(Excerpts from a dataset)
------------------------------

(* Suppose Assumption A holds with $\beta,\gamma\in(0,\infty)$. Fix $\mu>0$ and $\sigma\in\mathcal X$, and let $\pi^{\mu,\sigma}$ be a perturbed equilibrium. Let $(\pi^t)_{t\ge0}$ be a sequence in $\mathcal X$, let $(\eta_t)$ be positive reals, and let $\xi_i^t\in\mathbb R^{d_i}$ be arbitrary vectors, such that for all $t\ge0$ $$D_\psi(\pi^{\mu,\sigma},\pi^{t+1})-D_\psi(\pi^{\mu,\sigma},\pi^t)+D_\psi(\pi^{t+1},\pi^t)\le\eta_t\sum_{i=1}^N\langle\nabla_{\pi_i}v_i(\pi^t)-\mu\nabla_{\pi_i}G(\pi_i^t,\sigma_i)+\xi_i^t,\pi_i^{t+1}-\pi_i^{\mu,\sigma}\rangle.$$ Then for all $t\ge0$, $$D_\psi(\pi^{\mu,\sigma},\pi^{t+1})-D_\psi(\pi^{\mu,\sigma},\pi^t)+D_\psi(\pi^{t+1},\pi^t)\le\eta_t\Big(\frac{\mu^2\gamma\rho^2(\gamma+2\beta)+8L^2}{2\mu\gamma\rho^2}D_\psi(\pi^{t+1},\pi^t)-\frac{\mu\gamma}2D_\psi(\pi^{\mu,\sigma},\pi^t)\Big)+\eta_t\sum_{i=1}^N\langle\xi_i^t,\pi_i^{t+1}-\pi_i^{\mu,\sigma}\rangle.$$
   Context: Game. Let $N\ge1$. For each $i\in[N]$, $\mathcal X_i\subseteq\mathbb R^{d_i}$ is a nonempty compact convex set, and $\mathcal X=\prod_i\mathcal X_i$. Each $v_i:\mathcal X\to\mathbb R$ is differentiable, with block gradient $\nabla_{\pi_i}v_i$. The norm is Euclidean, with $\|\pi\|^2=\sum_i\|\pi_i\|^2$. The game is monotone: $\sum_i\langle\nabla_{\pi_i}v_i(\pi)-\nabla_{\pi_i}v_i(\pi'),\pi_i-\pi_i'\rangle\le0$. The game is $L$-smooth: $\sum_i\|\nabla_{\pi_i}v_i(\pi)-\nabla_{\pi_i}v_i(\pi')\|^2\le L^2\|\pi-\pi'\|^2$. Regularizer. $\psi:\mathcal X_i\to\mathbb R$ is differentiable and $\rho$-strongly convex with respect to $\|\cdot\|$. Bregman divergence: $D_\psi(x,y)=\psi(x)-\psi(y)-\langle\nabla\psi(y),x-y\rangle$, and $D_\psi(\pi,\pi')=\sum_iD_\psi(\pi_i,\pi_i')$. Perturbation. $G:\mathcal X_i\times\mathcal X_i\to[0,\infty)$ is differentiable in its first argument, with gradient $\nabla_{\pi_i}G$ in that argument. $G(\cdot,\sigma_i)$ is strictly convex with minimum $0$ at $\sigma_i$. For $\mu>0$ and $\sigma\in\mathcal X$, $\pi^{\mu,\sigma}$ is a profile with $\pi_i^{\mu,\sigma}\in\arg\max_{\pi_i}\{v_i(\pi_i,\pi^{\mu,\sigma}_{-i})-\mu G(\pi_i,\sigma_i)\}$ for all $i$. Assumption A: for all $\sigma_i,\pi_i,\pi_i'\in\mathcal X_i$, $$\gamma D_\psi(\pi_i',\pi_i)\le G(\pi_i',\sigma_i)-G(\pi_i,\sigma_i)-\langle\nabla_{\pi_i}G(\pi_i,\sigma_i),\pi_i'-\pi_i\rangle\le\beta D_\psi(\pi_i',\pi_i).$$ *)

From HB Require Import structures.
From mathcomp Require Import all_boot all_order all_algebra.
From mathcomp Require Import all_classical all_reals all_analysis.
Set Implicit Arguments. Unset Strict Implicit. Unset Printing Implicit Defensive.
Import Order.TTheory GRing.Theory Num.Theory.
Import numFieldNormedType.Exports.
Local Open Scope classical_set_scope.
Local Open Scope ring_scope.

------------------------------

**Exercise directions**. Nothing should appear in the answer except the lines from the one containing "Import Order.TTheory GRing.Theory Num.Theory." to the end of the data above, reproduced exactly.

**Answer**.
Import Order.TTheory GRing.Theory Num.Theory.
Import numFieldNormedType.Exports.
Local Open Scope classical_set_scope.
Local Open Scope ring_scope.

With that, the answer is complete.